William Collins Engledue | |
Birth Date: | 1813 |
Birth Place: | Portsmouth, Hampshire, England |
Death Date: | 30 December 1858 |
Death Place: | Southsea, Hampshire, England |
Nationality: | British |
Field: | medicine |
Alma Mater: | University of Edinburgh |
Known For: | Mesmerism, Phrenology, The Zoist |
William Collins Engledue (1813 - 30 December 1858), MD (Edinburgh, 1835),[1] MRCS (Edinburgh, 1835), MRCS (London, 1835), LSA (1835) was an English physician, surgeon, apothecary, mesmerist, phrenologist – and, in concert with John Elliotson, M.D., the co-editor of The Zoist.
A former President of the British Phrenological Association, Engledue was ostracized by both his medical colleagues – for his dedication to mesmerism and phrenology – and by the majority of phrenologists – for his rejection of their "socio-religious", spiritual position,[2] in favour of a scientific, materialist, brain-centred position that, in effect, reduced mental operations to physical forces.[3]

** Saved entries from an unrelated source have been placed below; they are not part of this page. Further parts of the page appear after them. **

Lemma psd_spec_ge0 n (A : 'M[C]_n) P p :
  psd A -> spec_dec A (P, p) -> forall a, 0 <= p a.
Proof.
move=> psdA [/= uP AE] a.
have PAP : P *m A *m adjmx P = diag_mx (\row_i (p i)%:C).
  by rewrite AE !mulmxA (unitarymx_adjP _ uP) mul1mx -mulmxA (unitarymx_adjP _ uP) mulmx1.
have := psdA (adjmx P *m delta_mx a 0).
rewrite adjmxM adjmxK adjmx_delta.
have -> : delta_mx 0 a *m P *m A *m (adjmx P *m delta_mx a 0)
    = delta_mx (0 : 'I_1) a *m (P *m A *m adjmx P) *m delta_mx a (0 : 'I_1).
  by rewrite !mulmxA.
by rewrite PAP -rowE -colE !mxE eqxx mulr1n lecR.
Qed.

End UnitaryDiag.

Section PartialTrace.
Variable R : realType.
Local Notation C := R[i].

Lemma ptrace2_0 m n : ptrace2 (0 : 'M[C]_(m * n)) = 0.
Proof. by apply/matrixP=> i j; rewrite !mxE big1 // => k _; rewrite mxE. Qed.

Lemma ptrace2_tensmx1_mull m n (A : 'M[C]_m) (Z : 'M[C]_(m * n)) :
  ptrace2 ((A *t 1%:M) *m Z) = A *m ptrace2 Z.
Proof.
apply/matrixP=> i j; rewrite !mxE.
under eq_bigr => k _ do rewrite mul_tensmx_mxE.
under [RHS]eq_bigr => a _ do rewrite mxE big_distrr /=.
rewrite exchange_big /=; apply: eq_bigr => a _; apply: eq_bigr => k _.
rewrite -(sum_delta_mul k (fun b => A i a * Z (mxtens_index (a, b)) (mxtens_index (j, k)))).
by apply: eq_bigr => b _; rewrite mxE mulrAC mulrC.
Qed.

Lemma ptrace2_tensmx1_mulr m n (A : 'M[C]_m) (Z : 'M[C]_(m * n)) :
  ptrace2 (Z *m (A *t 1%:M)) = ptrace2 Z *m A.
Proof.
apply/matrixP=> i j; rewrite !mxE.
under eq_bigr => k _ do rewrite mul_mx_tensmxE.
under [RHS]eq_bigr => a _ do rewrite mxE big_distrl /=.
rewrite exchange_big /=; apply: eq_bigr => a _; apply: eq_bigr => k _.
rewrite -(sum_delta_mul k (fun b => Z (mxtens_index (i, k)) (mxtens_index (a, b)) * A a j)).
by apply: eq_bigr => b _; rewrite mxE eq_sym mulrC mulrA.
Qed.

Lemma ptrace2_tens1mxC m n (B : 'M[C]_n) (Z : 'M[C]_(m * n)) :
  ptrace2 ((1%:M *t B) *m Z) = ptrace2 (Z *m (1%:M *t B)).
Proof.
apply/matrixP=> i j; rewrite !mxE.
transitivity (\sum_k \sum_b B k b * Z (mxtens_index (i, b)) (mxtens_index (j, k))).
  apply: eq_bigr => k _; rewrite mul_tensmx_mxE exchange_big /=; apply: eq_bigr => b _.
  rewrite -(sum_delta_mul i (fun a => B k b * Z (mxtens_index (a, b)) (mxtens_index (j, k)))).
  by apply: eq_bigr => a _; rewrite mxE mulrA.
transitivity (\sum_k \sum_b Z (mxtens_index (i, k)) (mxtens_index (j, b)) * B b k); last first.
  apply: eq_bigr => k _; rewrite mul_mx_tensmxE exchange_big /=; apply: eq_bigr => b _.
  rewrite -(sum_delta_mul j (fun a => Z (mxtens_index (i, k)) (mxtens_index (a, b)) * B b k)).
  by apply: eq_bigr => a _; rewrite mxE eq_sym mulrAC mulrC.
by rewrite exchange_big /=; apply: eq_bigr => b _; apply: eq_bigr => k _; rewrite mulrC.
Qed.

Lemma ptrace2_conj_tens m n (W : 'M[C]_m) (V : 'M[C]_n) (Y : 'M[C]_(m * n)) :
  V \is unitarymx ->
  ptrace2 ((W *t V) *m Y *m adjmx (W *t V)) = W *m ptrace2 Y *m adjmx W.
Proof.
move=> /unitarymx_adjK uV; rewrite tensmx_decr adjmxM !adjmx_tens !adjmx1.
rewrite !mulmxA ptrace2_tensmx1_mulr -!mulmxA ptrace2_tensmx1_mull ptrace2_tens1mxC.
by rewrite -[Y *m _ *m _]mulmxA tensmx_mul mulmx1 uV tensmx11 mulmx1 mulmxA.
Qed.

End PartialTrace.

Section Channel.
Variable R : realType.
Local Notation C := R[i].

Definition annihilated n (K Y : 'M[C]_n) : Prop := K *m Y = 0 /\ Y *m K = 0.

Lemma Lrep_annihilated dS dE (U : 'M[C]_(dS * dE)) (rhoE : 'M[C]_dE) (K Y : 'M[C]_dS) :
  adjmx K = K -> comm_mx U (K *t 1%:M) ->
  annihilated K Y -> annihilated K (Lrep U rhoE Y).
Proof.
move=> sK UK [KY YK].
have UK' : comm_mx (adjmx U) (K *t 1%:M).
  by apply: comm_mx_adj; rewrite // adjmx_tens sK adjmx1.
rewrite /Lrep; split.
  rewrite -ptrace2_tensmx1_mull !mulmxA -UK -(mulmxA U) tensmx_mul KY mul1mx.
  by rewrite tens0mx mulmx0 mul0mx ptrace2_0.
rewrite -ptrace2_tensmx1_mulr -mulmxA UK' mulmxA -(mulmxA U) tensmx_mul YK mulmx1.
by rewrite tens0mx mulmx0 mul0mx ptrace2_0.
Qed.

Lemma Lrep_covariant dS dE (U : 'M[C]_(dS * dE)) (rhoE : 'M[C]_dE)
    (W : 'M[C]_dS) (WE : 'M[C]_dE) (rho : 'M[C]_dS) :
  WE \is unitarymx -> WE *m rhoE *m adjmx WE = rhoE -> comm_mx U (W *t WE) ->
  Lrep U rhoE (W *m rho *m adjmx W) = W *m Lrep U rhoE rho *m adjmx W.
Proof.
move=> uWE WErhoE UW.
have UW' : comm_mx (adjmx U) (adjmx (W *t WE)) by rewrite /comm_mx -!adjmxM UW.
rewrite /Lrep -(ptrace2_conj_tens W _ uWE).
have -> : (W *m rho *m adjmx W) *t rhoE = (W *t WE) *m (rho *t rhoE) *m adjmx (W *t WE).
  by rewrite adjmx_tens !tensmx_mul WErhoE.
congr ptrace2.
by rewrite !mulmxA UW -!mulmxA -UW' !mulmxA.
Qed.

Lemma mxtrace_mul_adj m n (B : 'M[C]_(m, n)) :
  \tr (B *m adjmx B) = \sum_i \sum_j `|B i j| ^+ 2.
Proof.
apply: eq_bigr => i _; rewrite mxE; apply: eq_bigr => j _.
by rewrite adjmxE normCK.
Qed.

Lemma sum_mul_adj_eq0 m n (I : eqType) (s : seq I) (B : I -> 'M[C]_(m, n)) :
  \sum_(x <- s) B x *m adjmx (B x) = 0 -> forall x, x \in s -> B x = 0.
Proof.
have sq_ge0 (A : 'M[C]_(m, n)) i : 0 <= \sum_j `|A i j| ^+ 2.
  by apply: sumr_ge0 => j _; apply: exprn_ge0.
move=> /(congr1 mxtrace).
rewrite mxtrace0 (big_morph _ (@mxtraceD _ _) (@mxtrace0 _ _)) => /eqP.
rewrite psumr_eq0 => [/allP tr0 x sx|x _]; last first.
  by rewrite mxtrace_mul_adj; apply: sumr_ge0 => i _.
apply/matrixP=> i j; move/eqP: (tr0 x sx); rewrite mxtrace_mul_adj.
move=> /(psumr_eq0P (fun i _ => sq_ge0 _ i))/(_ i isT).
move=> /(psumr_eq0P (fun j _ => exprn_ge0 _ (normr_ge0 _)))/(_ j isT)/eqP.
by rewrite mxE sqrf_eq0 normr_eq0 => /eqP.
Qed.

Lemma primitive_invariant_proj n (L : 'M[C]_n -> 'M[C]_n) (Pi : 'M[C]_n) :
  primitive L -> Pi *m Pi = Pi -> adjmx Pi = Pi -> (1%:M - Pi) *m L Pi = 0 ->
  Pi = 0 \/ Pi = 1%:M.
Proof.
move=> [Ks [k [LE span]]] idPi sPi LPi; set Pi' := 1%:M - Pi in LPi.
have sPi' : adjmx Pi' = Pi' by rewrite adjmxB adjmx1 sPi.
have PiD : Pi + Pi' = 1%:M by rewrite /Pi' (addrC Pi) subrK.
have Pi'Pi : Pi' *m Pi = 0 by rewrite mulmxBl mul1mx idPi subrr.
clearbody Pi'.
have Kinv K : K \in Ks -> Pi' *m K *m Pi = 0.
  move=> KKs; apply: (sum_mul_adj_eq0 (B := fun K => Pi' *m K *m Pi) _ KKs).
  transitivity (Pi' *m L Pi *m Pi'); last by rewrite LPi mul0mx.
  rewrite LE mulmx_sumr mulmx_suml; apply: eq_bigr => K' _.
  by rewrite !adjmxM sPi sPi' !mulmxA -(mulmxA _ Pi Pi) idPi.
have prod_inv (w : seq 'I_(size Ks)) :
    Pi' *m foldr mulmx 1%:M [seq Ks`_(nat_of_ord a) | a <- w] *m Pi = 0.
  elim: w => [|a w IHw] /=; first by rewrite mulmx1.
  set F := foldr _ _ _ in IHw *.
  have -> : Pi' *m (Ks`_a *m F) *m Pi = Pi' *m Ks`_a *m ((Pi + Pi') *m F *m Pi).
    by rewrite PiD mul1mx !mulmxA.
  rewrite !mulmxDl mulmxDr IHw mulmx0 addr0 !mulmxA.
  by rewrite (Kinv _ (mem_nth 0 (ltn_ord a))) !mul0mx.
have all_inv A : Pi' *m A *m Pi = 0.
  have [c ->] := span A; rewrite mulmx_sumr mulmx_suml big1 // => w _.
  by rewrite -scalemxAr -scalemxAl prod_inv scaler0.
case: (sandwich_mx_eq0 all_inv) => [Pi'0|]; last by left.
by right; rewrite -PiD Pi'0 addr0.
Qed.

Born at Portsea in 1813, the son of John Engledue and Joanna Engledue (née Watson), he was a brilliant student. Sent to the University of Edinburgh by John Porter (1770 - 1855), (first president of the 'Portsmouth and Portsea Literary and Philosophical Society') to whom he was originally apprenticed, Engledue took his final exams after only two years study. At Edinburgh, he took prizes for proficiency in surgery, pathology and practice of physic, practical anatomy, and physiology; and was also the President of the Royal Medical Society of Edinburgh.[4]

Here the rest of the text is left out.